So, the Ordinance proves to be a big step of development though it has stopped short at concretizing the powers for each level of the local administration while failing to specify the organizational structure and operation mode of the local administration at each level.

Though being just at the initial stage, the “doi moi” cause has seen more legislation (with two laws and one ordinance) on the local administrations than the previous periods, with many new regulations, which have laid legal bases for the initial renewal of the local administration system.

One of the prevailing trends in recent years is the division and separation of provinces into small ones with the total of 57 provinces and 4 centrally-run cities throughout the country now.

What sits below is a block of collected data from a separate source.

(* Assume the following setting: $\mathcal{F}$ is a nonempty family of graphs with $\chi(\mathcal{F})=r+1\ge 3$; $0<\varepsilon<\frac12$, $0<\sigma<\frac{\varepsilon^3}{7}$, $0\le\alpha\le 1-\frac1r-\varepsilon$; $\mathcal{G}'_n$ is the set of $\mathcal{F}$-free $n$-vertex graphs with minimum degree larger than $(\pi(\mathcal{F})-\varepsilon)n$; and there is $N$ such that for all $n>N$, $|\mathrm{ex}(n,\mathcal{F})-\mathrm{ex}(n-1,\mathcal{F})-\pi(\mathcal{F})n|\le\sigma n$ and $|\lambda_\alpha(\mathcal{G}'_n)-2\mathrm{ex}(n,\mathcal{F})/n|\le\sigma$. Let $G$ be an $\mathcal{F}$-free graph on $n$ vertices with minimum degree $\delta$, let $\mathbf{x}=(x_1,\dots,x_n)$ be a non-negative unit eigenvector of $A_\alpha(G)$ corresponding to $\lambda_\alpha(G)$, and $x=\min\{x_1,\dots,x_n\}$. If $\lambda_{\alpha}(G)\geq \lambda_{\alpha}(\mathcal{G}'_{n})$ and $\delta\leq (\pi (\mathcal{F})-\varepsilon)n$, then for all sufficiently large $n$, $$x^2<\frac{1-\varepsilon^2}{n}.$$
   Context: $\lambda_\alpha(G)$ is the largest eigenvalue of $A_\alpha(G)=\alpha D(G)+(1-\alpha)A(G)$ ($A$ adjacency matrix, $D$ diagonal degree matrix); $\lambda_\alpha(\mathcal{G}'_n)=\max_{H\in\mathcal{G}'_n}\lambda_\alpha(H)$. $\chi(\mathcal{F})=\min_{F\in\mathcal{F}}\chi(F)$. $\mathrm{ex}(n,\mathcal{F})$ is the maximum number of edges of an $\mathcal{F}$-free $n$-vertex graph, and $\pi(\mathcal{F})=\lim_{n\to\infty}\mathrm{ex}(n,\mathcal{F})/\binom n2$. *)

From HB Require Import structures.
From mathcomp Require Import all_boot all_order all_algebra.
From mathcomp Require Import all_classical all_reals all_analysis.
Set Implicit Arguments. Unset Strict Implicit. Unset Printing Implicit Defensive.
Import Order.TTheory GRing.Theory Num.Theory numFieldNormedType.Exports.
Local Open Scope classical_set_scope.
Local Open Scope ring_scope.

Record graph (n : nat) := Graph {
  gadj : rel 'I_n;
  gsym : symmetric gadj;
  girr : irreflexive gadj }.

Definition gfamily := forall k : nat, graph k -> Prop.

Definition contains n k (G : graph n) (H : graph k) : Prop :=
  exists f : 'I_k -> 'I_n, injective f /\
    forall u v, gadj H u v -> gadj G (f u) (f v).

Definition Ffree (F : gfamily) n (G : graph n) : Prop :=
  forall k (H : graph k), F k H -> ~ contains G H.

Definition colorable k (H : graph k) (c : nat) : Prop :=
  exists f : 'I_k -> 'I_c, forall u v, gadj H u v -> f u != f v.

Definition family_chi (F : gfamily) (c : nat) : Prop :=
  (exists k (H : graph k), F k H /\ colorable H c) /\
  (forall k (H : graph k), F k H -> ~ colorable H c.-1).

Definition deg n (G : graph n) (i : 'I_n) : nat := #|[set j | gadj G i j]|.

(* minimum degree (for n >= 1; the index n is never attained) *)
Definition mindeg n (G : graph n) : nat := \big[minn/n]_(i < n) deg G i.

Definition nedges n (G : graph n) : nat :=
  #|[set p : 'I_n * 'I_n | (p.1 < p.2)%N && gadj G p.1 p.2]|.

Definition exF (R : realType) (F : gfamily) (n : nat) : R :=
  sup [set (nedges G)%:R | G in [set G : graph n | Ffree F G]].

Definition pi_fam (R : realType) (F : gfamily) : R :=
  limn (fun n : nat => exF R F n / ('C(n, 2))%:R).

Definition Aalpha (R : realType) (alpha : R) n (G : graph n) : 'M[R]_n :=
  \matrix_(i, j) (alpha * ((i == j)%:R * (deg G i)%:R)
                  + (1 - alpha) * (gadj G i j)%:R).

Definition lambda_alpha (R : realType) (alpha : R) n (G : graph n) : R :=
  sup [set a : R | eigenvalue (Aalpha alpha G) a].

Definition Gprime (R : realType) (F : gfamily) (eps : R) (n : nat) : set (graph n) :=
  [set H : graph n | Ffree F H /\ (pi_fam R F - eps) * n%:R < (mindeg H)%:R].

Definition lambda_fam (R : realType) (alpha : R) (F : gfamily) (eps : R) (n : nat) : R :=
  sup [set lambda_alpha alpha H | H in @Gprime R F eps n].

Definition vmin (R : realType) n (x : 'cV[R]_n) : R := inf (range (fun i => x i 0)).

From HB Require Import structures.
From mathcomp Require Import all_boot all_order all_algebra.
From mathcomp Require Import all_classical all_reals all_analysis.
From mathcomp Require Import lra.

Set Implicit Arguments.
Unset Strict Implicit.
Unset Printing Implicit Defensive.
Import Order.TTheory GRing.Theory Num.Theory numFieldNormedType.Exports.
Local Open Scope classical_set_scope.
Local Open Scope ring_scope.

(* Let [u] be a vertex of minimum degree [d]. The eigen-equation at [u], Cauchy-Schwarz on the
   neighbourhood of [u] and the fact that each of the [n - d] non-neighbours carries mass at least
   [x^2] give [(lambda - alpha d)^2 x^2 <= (1 - alpha)^2 d (1 - (n - d) x^2)]. The growth of
   [ex(n, F)] forces [lambda >= (pi(F) - sigma) n - O(1)], so [lambda - d >= eps n / 2] for large
   [n], and this gap turns the inequality into [x^2 < (1 - eps^2) / n]. *)

Lemma weighted_cauchy_schwarz (R : realFieldType) n (w y : 'I_n -> R) :
  (forall j, 0 <= w j) ->
  (\sum_j w j * y j) ^+ 2 <= (\sum_j w j) * (\sum_j w j * y j ^+ 2).
Proof.
move=> w_ge0; set A := \sum_j w j; set B := \sum_j w j * y j.
set C := \sum_j w j * y j ^+ 2.
have [A0 | A_gt0] := eqVneq A 0.
  have w0 j : w j = 0 by exact: (psumr_eq0P (fun j _ => w_ge0 j) A0).
  by rewrite A0 mul0r /B big1 ?expr0n // => j _; rewrite w0 mul0r.
have {}A_gt0 : 0 < A by rewrite lt_def A_gt0 sumr_ge0.
(* The quadratic [l |-> \sum_j w j (y j - l)^2] is nonnegative; evaluate it at [l = B / A]. *)
have quad_ge0 l : (l * B) *+ 2 <= C + l ^+ 2 * A.
  have : 0 <= \sum_j w j * (y j - l) ^+ 2.
    by apply: sumr_ge0 => j _; rewrite mulr_ge0 ?sqr_ge0.
  have -> : \sum_j w j * (y j - l) ^+ 2 = C - (l * B) *+ 2 + l ^+ 2 * A.
    rewrite /C /B /A mulr_sumr -sumrMnl mulr_sumr -sumrB -big_split /=.
    by apply: eq_bigr => j _; lra.
  by rewrite addrAC subr_ge0.
have := quad_ge0 (B / A).
rewrite (expr2 (B / A)) -(mulrA (B / A)) divfK ?gt_eqF // mulr2n lerD2r.
by rewrite mulrAC ler_pdivrMr // -expr2 mulrC.
Qed.

Lemma telescoping_lower_bound (R : realFieldType) (f : nat -> R) (p : R) N :
  (forall n, (N < n)%N -> p * n%:R <= f n - f n.-1) ->
  exists C, forall n, (N < n)%N -> p * n%:R - C <= 2 * f n / n%:R.
Proof.
move=> f_incr; set g := 2 * f N - p * (N%:R * (N%:R + 1)).
(* [2 f n - p n (n + 1)] is nondecreasing beyond [N]. *)
have g_le k : g <= 2 * f (N + k)%N - p * ((N + k)%:R * ((N + k)%:R + 1)).
  elim: k => [|k IHk]; first by rewrite addn0.
  have := f_incr (N + k.+1)%N; rewrite addnS ltnS leq_addr /= => /(_ isT).
  rewrite -addn1 natrD => step; set m := (N + k)%:R in IHk step *; lra.
exists (`|g| + `|p|) => n lt_Nn.
have n_ge1 : 1 <= n%:R :> R by rewrite ler1n (leq_ltn_trans _ lt_Nn).
have := g_le (n - N)%N; rewrite subnKC ?(ltnW lt_Nn) // ler_pdivlMr; last by lra.
have g_ge : - `|g| * n%:R <= g.
  by apply: le_trans (lerNnormlW (lexx _)); rewrite mulNr lerN2 ler_peMr.
have p_ge : - `|p| * n%:R <= p * n%:R.
  by rewrite mulNr -mulNr ler_wpM2r ?(le_trans ler01) // lerNnormlW.
set m := n%:R in n_ge1 g_ge p_ge *; lra.
Qed.

Lemma eventually_lt_natrM (R : archiRealFieldType) (c a : R) :
  0 < a -> exists N, forall n, (N < n)%N -> c < n%:R * a.
Proof.
move=> a_gt0; exists (Num.Def.archi_bound `|c / a|) => n lt_n.
rewrite -ltr_pdivrMr // (le_lt_trans (ler_norm _)) //.
by rewrite (lt_trans (archi_boundP (normr_ge0 _))) // ltr_nat.
Qed.

Lemma spectral_ineq_gap_lt (R : realFieldType) (n d b E eps t : R) :
  0 < n -> 0 <= d -> 0 < b -> b <= 1 -> 0 < E -> 0 < eps -> eps * 2 < 1 ->
  eps * n <= E * 2 -> 0 <= t ->
  (b * d + E) ^+ 2 * t <= b ^+ 2 * d * (1 - (n - d) * t) ->
  t < (1 - eps ^+ 2) / n.
Proof.
move=> n_gt0 d_ge0 b_gt0 b_le1 E_gt0 eps_gt0 eps_lt gap t_ge0 ineq.
rewrite ltr_pdivlMr // ltNge; apply/negP => tn_ge.
(* Multiplying the expanded inequality by [n] leaves [(1 - eps^2) E^2 <= 0]: the gap
   [2 E >= eps n] lets the cross term [2 b d E] absorb the deficit [eps^2 b^2 d n]. *)
set X := b ^+ 2 * d * n + b * d * E * 2 + E ^+ 2.
have bd_ge0 : 0 <= b * d by nra.
have bbd_ge0 : 0 <= b ^+ 2 * d by nra.
have X_ge0 : 0 <= X by rewrite /X; nra.
have tX_le : t * X <= b ^+ 2 * d by rewrite /X; nra.
have compl_X_le : (1 - eps ^+ 2) * X <= n * (b ^+ 2 * d) by nra.
have cross_ge : eps ^+ 2 * (b ^+ 2 * d * n) <= (1 - eps ^+ 2) * (b * d * E * 2).
  have eps_le_compl : eps <= 1 - eps ^+ 2 by nra.
  have bdE_ge0 : 0 <= b * d * E * 2 by nra.
  have bdn_ge0 : 0 <= b * d * n by nra.
  have b_drop : b ^+ 2 * d * n <= b * d * n by nra.
  have gap_bd : eps * (b * d * n) <= b * d * E * 2 by nra.
  apply: (@le_trans _ _ (eps * (b * d * E * 2))); nra.
have compl_E_gt0 : 0 < (1 - eps ^+ 2) * E ^+ 2 by apply: mulr_gt0; nra.
rewrite /X in compl_X_le; nra.
Qed.

Lemma deg_sum_adj (R : realFieldType) n (G : graph n) u :
  (deg G u)%:R = \sum_j ((gadj G u j)%:R : R).
Proof.
rewrite /deg -sum1_card natr_sum big_mkcond /=; apply: eq_bigr => j _.
by case: (boolP (gadj G u j)) => [adj | /negP nadj]; [rewrite mem_set | rewrite memNset].
Qed.

Lemma exists_deg_le_mindeg n (G : graph n) : (0 < n)%N -> exists u, (deg G u <= mindeg G)%N.
Proof.
move=> n_gt0; apply: (big_ind (fun m => exists u, (deg G u <= m)%N)).
- by exists (Ordinal n_gt0); rewrite /deg -[n in (_ <= n)%N]card_ord max_card.
- by move=> a b [u le_ua] [v le_vb]; case: (leqP a b) => _; [exists u | exists v].
- by move=> i _; exists i.
Qed.

Section VectorMinimum.

Variables (R : realType) (n : nat) (x : 'cV[R]_n).
Hypothesis x_ge0 : forall i, 0 <= x i 0.

Lemma vmin_le i : vmin x <= x i 0.
Proof. by apply: ge_inf; [exists 0 => _ [j _ <-] | exists i]. Qed.

Lemma vmin_ge0 : (0 < n)%N -> 0 <= vmin x.
Proof.
move=> n_gt0; apply: lb_le_inf; first by exists (x (Ordinal n_gt0) 0), (Ordinal n_gt0).
by move=> _ [i _ <-].
Qed.

End VectorMinimum.

Section AalphaEigenvector.

Variables (R : realType) (alpha lam : R) (n : nat) (G : graph n) (x : 'cV[R]_n).
Hypothesis x_eigen : Aalpha alpha G *m x = lam *: x.

Lemma Aalpha_eigen_entry u :
  (lam - alpha * (deg G u)%:R) * x u 0 = (1 - alpha) * \sum_j (gadj G u j)%:R * x j 0.
Proof.
have := congr1 (fun y : 'cV[R]_n => y u 0) x_eigen; rewrite !mxE.
under eq_bigr do rewrite mxE mulrDl.
rewrite big_split /= (bigD1 u) //= big1 => [|j /negbTE neq_ju]; last first.
  by rewrite eq_sym neq_ju mul0r mulr0 mul0r.
rewrite eqxx mul1r addr0 mulr_sumr mulrBl => <-; rewrite addrAC subrr add0r.
by apply: eq_bigr => j _; rewrite mulrA.
Qed.

Hypotheses (x_ge0 : forall i, 0 <= x i 0) (x_unit : \sum_i x i 0 ^+ 2 = 1).

Lemma sum_adj_sqr_le u :
  \sum_j (gadj G u j)%:R * x j 0 ^+ 2 <= 1 - (n%:R - (deg G u)%:R) * vmin x ^+ 2.
Proof.
have -> : n%:R - (deg G u)%:R = \sum_j (1 - (gadj G u j)%:R) :> R.
  by rewrite sumrB sumr_const card_ord deg_sum_adj.
rewrite -[X in _ <= X - _]x_unit mulr_suml lerBrDr -big_split /=; apply: ler_sum => j _.
have n_gt0 : (0 < n)%N by apply: leq_ltn_trans (ltn_ord j).
have le_mx : vmin x ^+ 2 <= x j 0 ^+ 2 by rewrite ler_pXn2r ?nnegrE ?vmin_le ?vmin_ge0.
by case: gadj; rewrite /= ?mulr1n ?mulr0n; lra.
Qed.

Lemma Aalpha_eigen_vmin_bound u :
  0 <= lam - alpha * (deg G u)%:R ->
  (lam - alpha * (deg G u)%:R) ^+ 2 * vmin x ^+ 2 <=
    (1 - alpha) ^+ 2 * (deg G u)%:R * (1 - (n%:R - (deg G u)%:R) * vmin x ^+ 2).
Proof.
set d := (deg G u)%:R; set D := lam - alpha * d => D_ge0.
have n_gt0 : (0 < n)%N by apply: leq_ltn_trans (ltn_ord u).
have CS := @weighted_cauchy_schwarz R n (fun j => (gadj G u j)%:R) (fun j => x j 0)
  (fun j => ler0n _ _).
rewrite -deg_sum_adj -/d in CS.
have Dm_ge0 : 0 <= D * vmin x by rewrite mulr_ge0 // vmin_ge0.
have Dm_le : D * vmin x <= D * x u 0 by rewrite ler_wpM2l // vmin_le.
rewrite -exprMn (le_trans (_ : _ <= (D * x u 0) ^+ 2)) //.
  by rewrite ler_pXn2r // nnegrE (le_trans Dm_ge0).
rewrite Aalpha_eigen_entry exprMn -mulrA ler_wpM2l ?sqr_ge0 // (le_trans CS) //.
by rewrite ler_wpM2l ?ler0n // sum_adj_sqr_le.
Qed.

End AalphaEigenvector.

Theorem lemma5p4 (R : realType) (F : gfamily) (r : nat) (eps sigma alpha : R) :
  (exists k (H : graph k), F k H) ->
  family_chi F r.+1 -> (3 <= r.+1)%N ->
  0 < eps -> eps < 1 / 2 ->
  0 < sigma -> sigma < eps ^+ 3 / 7 ->
  0 <= alpha -> alpha <= 1 - 1 / r%:R - eps ->
  (exists N : nat, forall n : nat, (N < n)%N ->
      `|exF R F n - exF R F n.-1 - pi_fam R F * n%:R| <= sigma * n%:R /\
      `|lambda_fam alpha F eps n - 2 * exF R F n / n%:R| <= sigma) ->
  exists N0 : nat, forall n : nat, (N0 < n)%N ->
    forall (G : graph n) (x : 'cV[R]_n),
      (forall i, 0 <= x i 0) ->
      \sum_(i < n) x i 0 ^+ 2 = 1 ->
      Aalpha alpha G *m x = lambda_alpha alpha G *: x ->
      lambda_fam alpha F eps n <= lambda_alpha alpha G ->
      ((mindeg G)%:R <= (pi_fam R F - eps) * n%:R) ->
      Ffree F G ->
      vmin x ^+ 2 < (1 - eps ^+ 2) / n%:R.
Proof.
move=> _ _ _ eps_gt0 eps_lt sigma_gt0 sigma_lt alpha_ge0 alpha_le [N exF_lambda].
have [C ex_lb] : exists C, forall n, (N < n)%N ->
    (pi_fam R F - sigma) * n%:R - C <= 2 * exF R F n / n%:R.
  apply: telescoping_lower_bound => n /exF_lambda [+ _].
  by rewrite ler_norml => /andP [le_ex _]; lra.
have eps_sigma_gt0 : 0 < eps - sigma * 2.
  have eps_sqr : eps ^+ 2 <= 1 / 4 by nra.
  have : eps ^+ 3 <= eps / 4 by rewrite exprS; nra.
  lra.
have [N1 n_large] := eventually_lt_natrM ((C + sigma) * 2) eps_sigma_gt0.
exists (maxn N N1) => n; rewrite gtn_max => /andP [lt_Nn /n_large {}n_large].
move=> G x x_ge0 x_unit x_eigen lam_ge mindeg_le _.
set lam := lambda_alpha alpha G in x_eigen lam_ge *.
have n_gt0 : (0 < n)%N by apply: leq_ltn_trans lt_Nn.
have nR_gt0 : 0 < n%:R :> R by rewrite ltr0n.
have lam_lb : (pi_fam R F - sigma) * n%:R - C - sigma <= lam.
  have [_] := exF_lambda n lt_Nn; rewrite ler_norml => /andP [le_lam _].
  have := ex_lb n lt_Nn; lra.
have [u deg_u] := exists_deg_le_mindeg G n_gt0.
set d := (deg G u)%:R : R.
have d_ge0 : 0 <= d by rewrite ler0n.
have d_le : d <= (pi_fam R F - eps) * n%:R by apply: le_trans mindeg_le; rewrite ler_nat.
have gap : eps * n%:R <= (lam - d) * 2 by lra.
have gap_gt0 : 0 < lam - d by have := mulr_gt0 eps_gt0 nR_gt0; lra.
have alpha_lt1 : alpha < 1 by have : 0 <= 1 / r%:R :> R by []; lra.
apply: (@spectral_ineq_gap_lt _ _ d (1 - alpha) (lam - d)); rewrite ?sqr_ge0 //;
  [lra | lra | lra |].
have -> : (1 - alpha) * d + (lam - d) = lam - alpha * d by lra.
have alpha_d_le : alpha * d <= d := ler_piMl d_ge0 (ltW alpha_lt1).
by apply: (Aalpha_eigen_vmin_bound x_eigen x_ge0 x_unit); lra.
Qed.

In the administration system, the grassroots administrations in communes, wards and district townships play an extremely important position, where the ties between the State and people are directly settled and where the State’s undertakings, policies and laws are materialized. Therefore, the role and position of the grassroots administrations have been fully understood and more importance has been attached to this level of local administrations which have been constantly strengthened in many aspects, including their material bases, the contingents of their employees who have been better trained and fostered professionally. To promote the people’s mastery in discussing and deciding on local matters and supervising the activities of administrations and public servants in localities and to substantially reform the organization of the grassroots administrations, the Government issued in 1998 the Regulation on promotion of democracy in communes.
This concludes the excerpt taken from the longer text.